The West Coast’s resurgence also has much to do with the quality of the venues, notably Honolulu’s Waialae Country Club, Torrey Pines (North and South courses), Spyglass, Monterey Peninsula, Pebble Beach and Riviera. That combination is far superior to any other stretch on the PGA Tour and includes three major-championship venues: Torrey Pines South, Pebble Beach and Riviera.

It also doesn’t hurt that in recent years, the weather has improved. Last week’s mild conditions on the Monterey Peninsula proved perfect for golf, and the forecast for the rest of the tournament in Los Angeles looks ideal.

Some detractors still dismiss the West Coast Swing in favor of the Florida events and the run-up to the Masters.
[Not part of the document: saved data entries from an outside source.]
Section DvpaProduct.
Variables (S Q G : Type) (Qd Gd : eqType) (kind : S -> vkind).
Variables (A : vpa S Q G) (D : dvpa S Qd Gd) (acc : Qd -> bool).

Definition prod_dvpa : vpa S (Q * Qd) (G * Gd) :=
  VPA (fun q => v_init A q.1 && (q.2 == d_init D))
      (fun q => v_final A q.1 && acc q.2)
      (fun q x q' g => v_call A q.1 x q'.1 g.1 && ((q'.2, g.2) == d_call D q.2 x))
      (fun q x o q' => v_ret A q.1 x (omap fst o) q'.1 &&
                         (q'.2 == d_ret D q.2 x (omap snd o)))
      (fun q x q' => v_int A q.1 x q'.1 && (q'.2 == d_int D q.2 x)).

Lemma prod_dvpa_step_sound q st x q' st' :
  vstep kind prod_dvpa q st x q' st' ->
  vstep kind A q.1 (map fst st) x q'.1 (map fst st') /\
  dstep kind D (q.2, map snd st) x = (q'.2, map snd st').
Proof.
rewrite /vstep /dstep; case: (kind x).
- by move=> [g [/andP [Hc /eqP <-] ->]]; split=> //; exists g.1.
- by case: st => [|g st] [/andP [Hr /eqP ->] ->].
- by move=> [/andP [Hi /eqP ->] ->].
Qed.

Lemma prod_dvpa_step_complete q qd st x q' s' :
  vstep kind A q (map fst st) x q' s' ->
  let c := dstep kind D (qd, map snd st) x in
  exists st', [/\ vstep kind prod_dvpa (q, qd) st x (q', c.1) st',
                  map fst st' = s' & map snd st' = c.2].
Proof.
rewrite /vstep /dstep; case: (kind x).
- move=> [g [Hc ->]]; case Ed: (d_call D qd x) => [qd' gd].
  by exists ((g, gd) :: st); split=> //; exists (g, gd); rewrite /= Hc Ed eqxx.
- case: st => [|[g gd] st] [Hr ->]; first by exists [::]; rewrite /= Hr eqxx.
  by exists st; rewrite /= Hr eqxx.
- by move=> [Hi ->]; exists st; rewrite /= Hi eqxx.
Qed.

Lemma prod_dvpa_sound w q st q' st' :
  vrun kind prod_dvpa q st w q' st' ->
  vrun kind A q.1 (map fst st) w q'.1 (map fst st') /\
  foldl (dstep kind D) (q.2, map snd st) w = (q'.2, map snd st').
Proof.
elim: w q st => [|x w IH] q st /=; first by case=> -> ->.
move=> [q1 [st1 [/prod_dvpa_step_sound [Hs ->] /IH [Hr Hf]]]].
by split=> //; exists q1.1, (map fst st1).
Qed.

Lemma prod_dvpa_complete w q qd st q' s' :
  vrun kind A q (map fst st) w q' s' ->
  exists st', vrun kind prod_dvpa (q, qd) st w
                (q', (foldl (dstep kind D) (qd, map snd st) w).1) st'.
Proof.
elim: w q qd st => [|x w IH] q qd st /=; first by case=> -> _; exists st.
move=> [q1 [s1 [/(prod_dvpa_step_complete qd) [st1 [Hs Hfst Hsnd]] Hr]]].
set c := dstep kind D (qd, map snd st) x in Hs Hsnd *.
rewrite -Hfst in Hr; have [st' Hst'] := IH _ c.1 _ Hr.
by exists st', (q1, c.1), st1; rewrite Hsnd -surjective_pairing in Hst'.
Qed.

End DvpaProduct.

Lemma VPL_dvpa_filter (S : finType) (kind : S -> vkind) (L : lang S)
    (Qd Gd : finType) (D : dvpa S Qd Gd) (acc : Qd -> bool) :
  VPL kind L -> VPL kind (fun w => L w /\ acc (dstate kind D w)).
Proof.
move=> [Q [G [A HA]]]; exists (Q * Qd)%type, (G * Gd)%type, (prod_dvpa A D acc) => w.
split.
  move=> [/HA [q0 [qf [st [Hi [Hf Hr]]]]] Hacc].
  have [st' Hst'] := prod_dvpa_complete D acc (st := [::]) (d_init D) Hr.
  by exists (q0, d_init D), (qf, dstate kind D w), st'; rewrite /= Hi Hf Hacc eqxx.
move=> [[q0 qd0] [[qf qdf] [st [/andP [Hi /eqP Hd] [/andP [Hf Hacc] Hr]]]]].
have [H1 H2] := prod_dvpa_sound Hr.
split; first by apply/HA; exists q0, qf, (map fst st).
by rewrite /dstate -Hd H2.
Qed.

Section Tracking.
Variables (S Q G M : Type) (kind : S -> vkind) (D : dvpa S Q G).
Variables (m0 : M) (upd : Q -> M -> S -> M).

Definition dvpa_track : dvpa S (Q * M) G :=
  DVPA (d_init D, m0)
       (fun c x => let: (q', g) := d_call D c.1 x in ((q', upd c.1 c.2 x), g))
       (fun c x o => (d_ret D c.1 x o, upd c.1 c.2 x))
       (fun c x => (d_int D c.1 x, upd c.1 c.2 x)).

Lemma dvpa_track_step q m st x :
  dstep kind dvpa_track ((q, m), st) x =
  let: (q', st') := dstep kind D (q, st) x in ((q', upd q m x), st').
Proof.
rewrite /dstep /=; case: (kind x) => //; first by case: (d_call D q x).
by case: st.
Qed.

Lemma foldl_track w q m st :
  let c := foldl (dstep kind dvpa_track) ((q, m), st) w in
  (c.1.1, c.2) = foldl (dstep kind D) (q, st) w.
Proof.
elim: w q m st => [|x w IH] q m st //=.
by rewrite dvpa_track_step; case: (dstep kind D (q, st) x) => q' st'; apply: IH.
Qed.

Lemma dstate_track_rcons w x :
  (dstate kind dvpa_track (rcons w x)).2 =
  upd (dstate kind D w) (dstate kind dvpa_track w).2 x.
Proof.
rewrite /dstate -cats1 foldl_cat /=; have := foldl_track w (d_init D) m0 [::].
case: (foldl _ _ w) => [[q m] st] /= <-.
by rewrite dvpa_track_step; case: (dstep kind D (q, st) x).
Qed.

End Tracking.

Section DescentMonitor.
Variables (S1 S2 : finType) (kind : S1 + S2 -> vkind) (Q G : Type).
Variables (D : dvpa (S1 + S2) Q G) (ord : Q -> rel (S1 + S2)).
Variable prec : seq (S1 + S2) -> rel (S1 + S2).
Hypothesis prec_dstate : forall w, prec w = ord (dstate kind D w).

Definition descent_update (q : Q) (m : {set S1 + S2} * bool) (x : S1 + S2) :
    {set S1 + S2} * bool :=
  ([set y | (side y != side x) && ((y \in m.1) || ord q y x)], m.2 && (x \notin m.1)).

Definition descent_monitor : dvpa (S1 + S2) (Q * ({set S1 + S2} * bool)) G :=
  dvpa_track D (set0, true) descent_update.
They prefer the Bermudagrass putting surfaces in the Southeast to the bumpy Poa annua of the West. Over time, as world-class golfers have expanded their schedules globally, the varied playing surfaces have become less of an issue. Even the critics know that a golfer can’t truly become world-class by excelling only on Bermudagrass.

So, the West Coast, for many reasons, has found its mojo again. Unlike parts of the PGA Tour’s future schedule, the West Coast Swing likely will stay intact for many years to come.